Soledad Acompañada

No hay peor soledad que esa que sentimos
cuando estamos acompañados,
parados al lado de otro, nos sentimos solos.
Así los días se vuelven sal,
rocío que desaparece con los rayos del sol de la mañana
mientras surcamos los días del tiempo
navegando las aguas del deseo y el silencio.

Palabras dulces y palabras vacías,
hay palabras que saben a veneno.
El silencio entonces se convierte
en esa extraña medicina que nunca cura,
pero adormece las heridas
y entonces no duelen.

La compañía se convierte en un espejismo,
una ilusión de cercanía que no toca el alma.
Las miradas vacías, los gestos automáticos,
nos recuerdan lo lejos que estamos, aun estando cerca.
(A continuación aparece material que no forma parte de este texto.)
Lemma derivable_pt_lim_neg_right_of_root f x L :
  derivable_pt_lim f x L -> L < 0 -> f x = 0 ->
  exists d, 0 < d /\ forall y, x < y < x + d -> f y < 0.
Proof.
  intros Df HL Hroot.
  destruct (Df (- L / 2) ltac:(lra)) as [d Hd].
  exists d; split; [apply cond_pos |]; intros y Hy.
  specialize (Hd (y - x) ltac:(lra) ltac:(rewrite Rabs_right; lra)).
  replace (x + (y - x)) with y in Hd by ring.
  rewrite Hroot, Rminus_0_r in Hd; apply Rabs_def2 in Hd.
  (* the difference quotient f y / (y - x) is below L / 2 < 0 *)
  assert (Hq : f y / (y - x) < 0) by lra.
  apply Rnot_le_lt; intros Hfy; apply (Rlt_not_le _ _ Hq).
  apply Rmult_le_pos; [lra | left; apply Rinv_0_lt_compat; lra].
Qed.

Lemma i0_pos rhof Rg T MH2 MH2O cH2 cH2O : 0 < i0 rhof Rg T MH2 MH2O cH2 cH2O.
Proof.
  unfold i0, Rpower; simpl.
  repeat apply Rmult_lt_0_compat; try apply exp_pos; lra.
Qed.

Lemma icur_neg_of_s_a_neg rhof MH2 MH2O F Rg T l CbH2 CbH2O pel pion cH2 cH2O y :
  0 < F -> 0 < Rg -> 0 < T -> 0 < l ->
  s_a F Rg T CbH2 CbH2O pel pion cH2 cH2O y < 0 ->
  icur rhof MH2 MH2O F Rg T l CbH2 CbH2O pel pion cH2 cH2O y < 0.
Proof.
  intros HF HRg HT Hl Hs; unfold icur.
  set (eta := s_a F Rg T CbH2 CbH2O pel pion cH2 cH2O y) in *.
  set (z := F * eta / (Rg * T)).
  assert (Hz : z < 0).
  { unfold z, Rdiv; apply Rmult_neg_pos; [nra | apply Rinv_0_lt_compat; nra]. }
  replace (2 * F * eta / (Rg * T)) with (2 * z) by (unfold z; field; nra).
  assert (Hexp : exp (2 * z) < exp (- z)) by (apply exp_increasing; lra).
  apply Rmult_pos_neg; [| lra].
  apply Rmult_lt_0_compat; [exact Hl | apply i0_pos].
Qed.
Los días pasan como un río sin fin,
cargado de promesas no cumplidas,
de sueños no compartidos,
navegamos en esas aguas turbias,
esperando encontrar una orilla
donde la soledad no nos abrace con tanta fuerza.

En medio del ruido de palabras,
buscamos un eco de verdad,
algo que nos haga sentir vistos, comprendidos,
pero a menudo sólo encontramos
un vacío que resuena más fuerte que el silencio.

Las palabras pueden ser dulces,
un bálsamo momentáneo,
pero también pueden ser veneno,
dejando un rastro amargo
que ni el tiempo puede borrar.
En esos momentos, el silencio
se convierte en un refugio,
una medicina amarga que adormece,
sin sanar.

Sin embargo, en esta soledad acompañada,
aprendemos a buscar en nuestro interior,
a encontrar una paz que no dependa de otros,
a navegar nuestras propias aguas
con la esperanza que, en algún lugar,
hay una corriente que nos llevará
a un lugar de verdadera conexión,
donde las palabras no sean veneno,
y el silencio sea un compañero amable.

Porque incluso en la soledad más profunda,
hay una chispa de esperanza,
un anhelo de algo más,
una búsqueda interminable
por encontrar el lugar donde no nos sintamos solos,
donde el calor de otra alma
nos haga sentir completos.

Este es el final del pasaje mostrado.